Seven separate publications used the same 3 longitudinal cohort populations. Our main pooled analysis included only 1 publication from each of the 3 populations, selecting the publication using the more sensitive serologic assay (highest percentage of HPV-seropositive individuals) and the largest sample size, because we were most interested in determining the estimate of protection among all individuals with evidence of previous HPV exposure. Although no current serologic assay seems to be perfectly sensitive for HPV exposure, assays that measure a polyclonal response, such as the viruslike particle enzyme-linked immunosorbent assay (VLP-ELISA), seem more sensitive than those that only measure epitope-specific neutralizing antibodies, such as the competitive Luminex Immunoassay (cLIA) [9, 24, 27]. However, in subanalyses examining assay-specific results we included estimates from 2 other publications [15, 24] that compared results using multiple serologic assays. Most studies defined their seropositivity thresholds as 3 or 5 standard deviations above the mean titer/optical density/intensity level in concurrently tested specimens from virgins, after excluding positive outliers. Some studies presented multiple results using different seropositive cutoff estimates. We used the main cutoff in each article that was presented in the abstract and/or in tables.
Data Analysis
Random effect meta-analysis techniques were used to generate pooled summary estimates for HPV-16 and HPV-18 [28]. These 2 HPV types are known to cause approximately 70% of cervical cancer and >80% of HPV-associated noncervical cancers [2, 29, 30]. Natural immunity against 8 alpha HPV types (types 6, 11, 31, 33, 35, 45, 52, and 58) was also each analyzed in a type-specific manner, but these results were then pooled, given that the analyses were restricted to 1–4 publications, depending on the type. A global pooled estimate of natural immunity against all tested HPV types was also calculated. We used adjusted analyses in the meta-analyses when they were available, and we conducted subgroup analysis to examine whether sex may be a source of heterogeneity. We also used the longest detectable HPV infection end point when available (12-month persistent infection in 1 study and 6-month persistent infection in 3).

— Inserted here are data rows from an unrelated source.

(* Let $\lambda\in\mathbb{C}$ with $|\lambda|>1$, and let $g,h\in \mathrm{SL}(2,\mathbb{C})$ be $$g=\begin{pmatrix}\lambda&0\\0&\lambda^{-1}\end{pmatrix},\qquad h=\begin{pmatrix}a&b\\c&d\end{pmatrix}.$$ Put $M_g=|\lambda-1|+|\lambda^{-1}-1|$ and suppose $M_g<1$. If the subgroup $\langle g,h\rangle$ is discrete and non-elementary, then each of the following strict inequalities holds: $$|bc|^{1/2}>\frac{1-M_g}{M_g},\qquad |1+bc|^{1/2}>\frac{1-M_g}{M_g},\qquad |1+bc|+|bc|>\frac{2(1-M_g)}{M_g^2}.$$
   Context: A subgroup of $\mathrm{SL}(2,\mathbb{C})$ is discrete if it is discrete in the matrix topology. It is elementary if its action on $\mathbb{H}^3\cup\partial\mathbb{H}^3$ (via Möbius transformations) has a finite orbit; otherwise it is non-elementary. Since $|\lambda|>1$, $g$ is loxodromic. *)

From Stdlib Require Import Reals List.
Open Scope R_scope.

Record Cx := mkCx { re : R; im : R }.

Definition Cadd (x y : Cx) : Cx := mkCx (re x + re y) (im x + im y).
Definition Cneg (x : Cx) : Cx := mkCx (- re x) (- im x).
Definition Csub (x y : Cx) : Cx := Cadd x (Cneg y).
Definition Cmul (x y : Cx) : Cx :=
  mkCx (re x * re y - im x * im y) (re x * im y + im x * re y).
Definition Cconj (x : Cx) : Cx := mkCx (re x) (- im x).
Definition Cnorm2 (x : Cx) : R := re x * re x + im x * im x.
Definition Cnorm (x : Cx) : R := sqrt (Cnorm2 x).
Definition Cinv (x : Cx) : Cx := mkCx (re x / Cnorm2 x) (- im x / Cnorm2 x).
Definition CofR (r : R) : Cx := mkCx r 0.
Definition Czero : Cx := CofR 0.
Definition Cone : Cx := CofR 1.
Definition Cscale (r : R) (x : Cx) : Cx := mkCx (r * re x) (r * im x).

Record M2 := mkM2 { m11 : Cx; m12 : Cx; m21 : Cx; m22 : Cx }.

Definition mmul (A B : M2) : M2 :=
  mkM2 (Cadd (Cmul (m11 A) (m11 B)) (Cmul (m12 A) (m21 B)))
       (Cadd (Cmul (m11 A) (m12 B)) (Cmul (m12 A) (m22 B)))
       (Cadd (Cmul (m21 A) (m11 B)) (Cmul (m22 A) (m21 B)))
       (Cadd (Cmul (m21 A) (m12 B)) (Cmul (m22 A) (m22 B))).
Definition mdet (A : M2) : Cx := Csub (Cmul (m11 A) (m22 A)) (Cmul (m12 A) (m21 A)).
(* inverse of an SL(2,C) matrix (adjugate) *)
Definition minv (A : M2) : M2 :=
  mkM2 (m22 A) (Cneg (m12 A)) (Cneg (m21 A)) (m11 A).
Definition mid : M2 := mkM2 Cone Czero Czero Cone.

(* distance inducing the matrix topology on M_2(C) *)
Definition mdist (A B : M2) : R :=
  Cnorm (Csub (m11 A) (m11 B)) + Cnorm (Csub (m12 A) (m12 B))
  + Cnorm (Csub (m21 A) (m21 B)) + Cnorm (Csub (m22 A) (m22 B)).

Inductive gen (g h : M2) : M2 -> Prop :=
| gen_id : gen g h mid
| gen_g : gen g h g
| gen_h : gen g h h
| gen_inv : forall x, gen g h x -> gen g h (minv x)
| gen_mul : forall x y, gen g h x -> gen g h y -> gen g h (mmul x y).

Definition discrete (S : M2 -> Prop) : Prop :=
  forall x, S x -> exists eps, 0 < eps /\
    forall y, S y -> mdist x y < eps -> y = x.

(* upper half-space model: PFin z t with t > 0 is a point of H^3,
   PFin z 0 is the boundary point z in C, PInf is the boundary point ∞ *)
Inductive P3 := PInf : P3 | PFin : Cx -> R -> P3.

Definition validP (p : P3) : Prop :=
  match p with PInf => True | PFin _ t => 0 <= t end.

(* Poincaré extension of the Möbius transformation of A in SL(2,C) *)
Definition act (A : M2) (p : P3) : P3 :=
  let a := m11 A in let b := m12 A in let c := m21 A in let d := m22 A in
  match p with
  | PInf => if Req_dec_T (Cnorm2 c) 0 then PInf else PFin (Cmul a (Cinv c)) 0
  | PFin z t =>
      let w := Cadd (Cmul c z) d in
      let D := Cnorm2 w + Cnorm2 c * (t * t) in
      if Req_dec_T D 0 then PInf
      else PFin (Cscale (/ D) (Cadd (Cmul (Cadd (Cmul a z) b) (Cconj w))
                                    (Cscale (t * t) (Cmul a (Cconj c)))))
                (t / D)
  end.

Definition elementary (S : M2 -> Prop) : Prop :=
  exists p, validP p /\ exists l : list P3, forall A, S A -> In (act A p) l.

From Stdlib Require Import Reals List Lra Psatz.
From Coquelicot Require Complex.
Open Scope R_scope.

(* With nu = lam - 1/lam (so |nu| <= M_g) the Jorgensen sequence h_0 = h,
   h_(n+1) = h_n g h_n^-1 satisfies b_(n+1) c_(n+1) = - b_n c_n (1 + b_n c_n) nu^2, its
   diagonal entries are lam + b_n c_n nu and 1/lam - b_n c_n nu, and its trace is
   lam + 1/lam.  If |nu|^2 (1 + |nu|^2 |bc| |1+bc|) < 1, the products b_n c_n tend to 0
   geometrically; conjugating h_n by a suitable power of g balances |b_n| against |c_n|,
   which yields elements of <g,h> converging to g.  Discreteness makes one of them equal
   to g, so some h_n is diagonal, and going back along the sequence h is diagonal or
   antidiagonal; then <g,h> preserves {0, oo} and is elementary.  Each of the three
   claimed inequalities failing would give |nu|^2 (1 + |nu|^2 |bc| |1+bc|) < 1. *)

Lemma Cx_eq (x y : Cx) : re x = re y -> im x = im y -> x = y.
Proof. destruct x, y; simpl; intros; subst; reflexivity. Qed.

Definition Cx_ring : ring_theory Czero Cone Cadd Cmul Csub Cneg (@eq Cx).
Proof.
  constructor; intros; apply Cx_eq;
    unfold Cadd, Cmul, Csub, Cneg, Czero, Cone, CofR; simpl; ring.
Qed.
Add Ring CxRing : Cx_ring.

Definition toC (x : Cx) : Complex.C := (re x, im x).

Lemma Cnorm_Cmod x : Cnorm x = Complex.Cmod (toC x).
Proof. unfold Cnorm, Complex.Cmod, Cnorm2, toC; simpl. f_equal. ring. Qed.

Lemma Cnorm_ge0 x : 0 <= Cnorm x.
Proof. rewrite Cnorm_Cmod. apply Complex.Cmod_ge_0. Qed.

Lemma Cnorm_mul x y : Cnorm (Cmul x y) = Cnorm x * Cnorm y.
Proof. rewrite !Cnorm_Cmod, <- Complex.Cmod_mult. reflexivity. Qed.

Lemma Cnorm_add x y : Cnorm (Cadd x y) <= Cnorm x + Cnorm y.
Proof. rewrite !Cnorm_Cmod. exact (Complex.Cmod_triangle (toC x) (toC y)). Qed.

Lemma Cnorm_neg x : Cnorm (Cneg x) = Cnorm x.
Proof. rewrite !Cnorm_Cmod. exact (Complex.Cmod_opp (toC x)). Qed.

Lemma Cnorm_sub x y : Cnorm (Csub x y) <= Cnorm x + Cnorm y.
Proof. unfold Csub. rewrite <- (Cnorm_neg y). apply Cnorm_add. Qed.

Lemma Cnorm_sub0l x : Cnorm (Csub Czero x) = Cnorm x.
Proof. replace (Csub Czero x) with (Cneg x) by ring. apply Cnorm_neg. Qed.

Lemma Cnorm_one : Cnorm Cone = 1.
Proof. unfold Cnorm, Cnorm2; simpl. replace (1 * 1 + 0 * 0) with 1 by ring. apply sqrt_1. Qed.

Lemma Cnorm_zero : Cnorm Czero = 0.
Proof. unfold Cnorm, Cnorm2; simpl. replace (0 * 0 + 0 * 0) with 0 by ring. apply sqrt_0. Qed.

Lemma Cnorm_add1_le x : Cnorm (Cadd Cone x) <= 1 + Cnorm x.
Proof. rewrite <- Cnorm_one. apply Cnorm_add. Qed.

Lemma Cnorm_eq0 x : Cnorm x = 0 -> x = Czero.
Proof.
  rewrite Cnorm_Cmod. intro H. apply Complex.Cmod_eq_0 in H. unfold toC in H.
  injection H; intros; apply Cx_eq; simpl; auto.
Qed.

Lemma Cnorm_pos x : x <> Czero -> 0 < Cnorm x.
Proof.
  intro H. destruct (Cnorm_ge0 x) as [|E]; auto.
  exfalso. apply H, Cnorm_eq0. auto.
Qed.

Lemma Cmul_inv x : x <> Czero -> Cmul x (Cinv x) = Cone.
Proof.
  intro H. assert (Hx : 0 < Cnorm2 x).
  { pose proof (Cnorm_pos x H) as Hp. unfold Cnorm in Hp.
    destruct (Rle_lt_dec (Cnorm2 x) 0) as [Hle|]; auto.
    rewrite sqrt_neg_0 in Hp; lra. }
  unfold Cnorm2 in Hx.
  apply Cx_eq; unfold Cmul, Cinv, Cone, CofR, Cnorm2; simpl; field; lra.
Qed.

Lemma Cnorm_inv x : x <> Czero -> Cnorm (Cinv x) = / Cnorm x.
Proof.
  intro H. pose proof (Cnorm_pos x H).
  assert (E : Cnorm x * Cnorm (Cinv x) = 1).
  { rewrite <- Cnorm_mul, Cmul_inv, Cnorm_one; auto. }
  apply (Rmult_eq_reg_l (Cnorm x)); [rewrite E; field|]; lra.
Qed.

Lemma Cmul_eq0 x y : Cmul x y = Czero -> x = Czero \/ y = Czero.
Proof.
  intro H.
  assert (E : Cnorm x * Cnorm y = 0) by (rewrite <- Cnorm_mul, H; apply Cnorm_zero).
  apply Rmult_integral in E. destruct E; [left|right]; apply Cnorm_eq0; auto.
Qed.

Lemma Cnorm_gt1_neq0 x : 1 < Cnorm x -> x <> Czero.
Proof. intros H E. rewrite E, Cnorm_zero in H. lra. Qed.

Lemma Cone_neq0 : Cone <> Czero.
Proof. intro H. assert (E : re Cone = re Czero) by (rewrite H; auto). simpl in E. lra. Qed.

Lemma pow_unbounded q T : 1 < q -> exists n, T < q ^ n.
Proof.
  intro Hq. destruct (Pow_x_infinity q) with (b := T + 1) as [N HN].
  - rewrite Rabs_right; lra.
  - exists N. specialize (HN N (le_n N)).
    rewrite Rabs_right in HN; [lra|]. apply Rle_ge, pow_le; lra.
Qed.

Lemma pow_bracket q t : 1 < q -> 1 <= t -> exists j, q ^ j <= t < q ^ S j.
Proof.
  intros Hq Ht. destruct (pow_unbounded q t Hq) as [n Hn].
  induction n as [|n IH].
  - simpl in Hn. lra.
  - destruct (Rlt_le_dec t (q ^ n)) as [Hlt|Hle]; auto.
    exists n. auto.
Qed.

Lemma pow_inv_vanishes q eta : 1 < q -> 0 < eta -> exists j, (/ q) ^ j < eta.
Proof.
  intros Hq He. destruct (pow_lt_1_zero (/ q)) with (y := eta) as [N HN]; auto.
  - rewrite Rabs_right.
    + rewrite <- Rinv_1. apply Rinv_lt_contravar; lra.
    + apply Rle_ge, Rlt_le, Rinv_0_lt_compat; lra.
  - exists N. specialize (HN N (le_n N)).
    rewrite Rabs_right in HN; auto. apply Rle_ge, pow_le, Rlt_le, Rinv_0_lt_compat; lra.
Qed.

(* Taking [(L^2)^j <= B/C < (L^2)^(j+1)] makes [X := B L^-j] the larger of [X] and
   [Y := C L^j] while [X^2 < L^2 X Y = L^2 B C]. *)
Lemma balance_powers L B C eta : 1 < L -> 0 <= C <= B -> 0 < eta ->
  exists j, B * (/ L) ^ j + C * L ^ j < 2 * L * sqrt (B * C) + eta.
Proof.
  intros HL [HC HCB] He.
  assert (Hs0 : 0 <= 2 * L * sqrt (B * C)) by (apply Rmult_le_pos; [lra|apply sqrt_pos]).
  destruct HC as [HC|HC]; cycle 1.
  { subst C. destruct (Req_dec B 0) as [HB|HB].
    - exists O. subst B. simpl. lra.
    - destruct (pow_inv_vanishes L (eta / B) HL) as [j Hj];
        [apply Rdiv_lt_0_compat; lra|].
      exists j. apply Rmult_lt_compat_l with (r := B) in Hj; [|lra].
      replace (B * (eta / B)) with eta in Hj by (field; lra). lra. }
  assert (Ht : 1 <= B / C).
  { apply Rmult_le_reg_r with C; [lra|]. unfold Rdiv.
    rewrite Rmult_assoc, Rinv_l; lra. }
  destruct (pow_bracket (L * L) (B / C)) as [j [Hlo Hhi]]; [nra|auto|].
  exists j.
  set (w := L ^ j).
  assert (Hw : 0 < w) by (apply pow_lt; lra).
  rewrite pow_inv. fold w.
  rewrite Rpow_mult_distr in Hlo. simpl in Hhi. rewrite Rpow_mult_distr in Hhi. fold w in Hlo, Hhi.
  assert (HBC : B / C * C = B) by (field; lra).
  assert (Hlo' : w * w * C <= B) by nra.
  assert (Hhi' : B < L * w * (L * w) * C) by nra.
  set (s := sqrt (B * C)).
  assert (Hs' : s * s = B * C) by (apply sqrt_sqrt; nra).
  assert (Hs1 : 0 <= s) by apply sqrt_pos.
  set (X := B * / w).
  assert (HX : X * w = B) by (unfold X; field; lra).
  assert (HX0 : 0 <= X) by nra.
  assert (HYX : C * w <= X) by nra.
  assert (HXs : X < L * s).
  { assert (HXX : X * X * (w * w) = B * B) by (rewrite <- HX; ring).
    assert (Hss : L * s * (L * s) * (w * w) = B * (L * w * (L * w) * C)) by (transitivity (L * L * (s * s) * (w * w)); [ring|rewrite Hs'; ring]).
    assert (X * X * (w * w) < L * s * (L * s) * (w * w)).
    { rewrite HXX, Hss. apply Rmult_lt_compat_l; lra. }
    assert (Hsq : X * X < L * s * (L * s)) by (apply Rmult_lt_reg_r with (w * w); nra).
    destruct (Rlt_le_dec X (L * s)) as [|Hge]; auto.
    assert (L * s * (L * s) <= X * X) by (apply Rmult_le_compat; nra).
    lra. }
  lra.
Qed.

In addition, we performed 4 subgroup analyses, comparing (1) studies that used neutralizing serologic assays (eg, cLIA) with those that used neutralizing and nonneutralizing serologic assay (eg, VLP-ELISA); (2) studies that used MY09-MY11 consensus primer PCR with those that used the SPF10-DEIA PCR method for DNA detection; (3) studies that used a 6-month persistent HPV DNA end point with those that used one-time detection of HPV DNA as an end point; and (4) studies that reported adjusted analyses with those that reported only unadjusted analyses. We examined heterogeneity using the I2 and χ2 statistics [31], and publication bias using funnel plots and Egger and Begg P values [32, 33], and we performed meta-analyses with Stata SE software (version 13.1; StataCorp) [34].
RESULTS
We systematically searched 1531 articles, and excluded 1490 because the study was not longitudinal, did not test for HPV DNA, or did not test for HPV serology. The full texts of each of the remaining 41 studies were reviewed, and 14 articles were identified to meet the inclusion criteria (Figure 1).
Figure 1.
Study selection flow diagram for this systematic review and meta-analysis. Abbreviation: HPV, human papillomavirus.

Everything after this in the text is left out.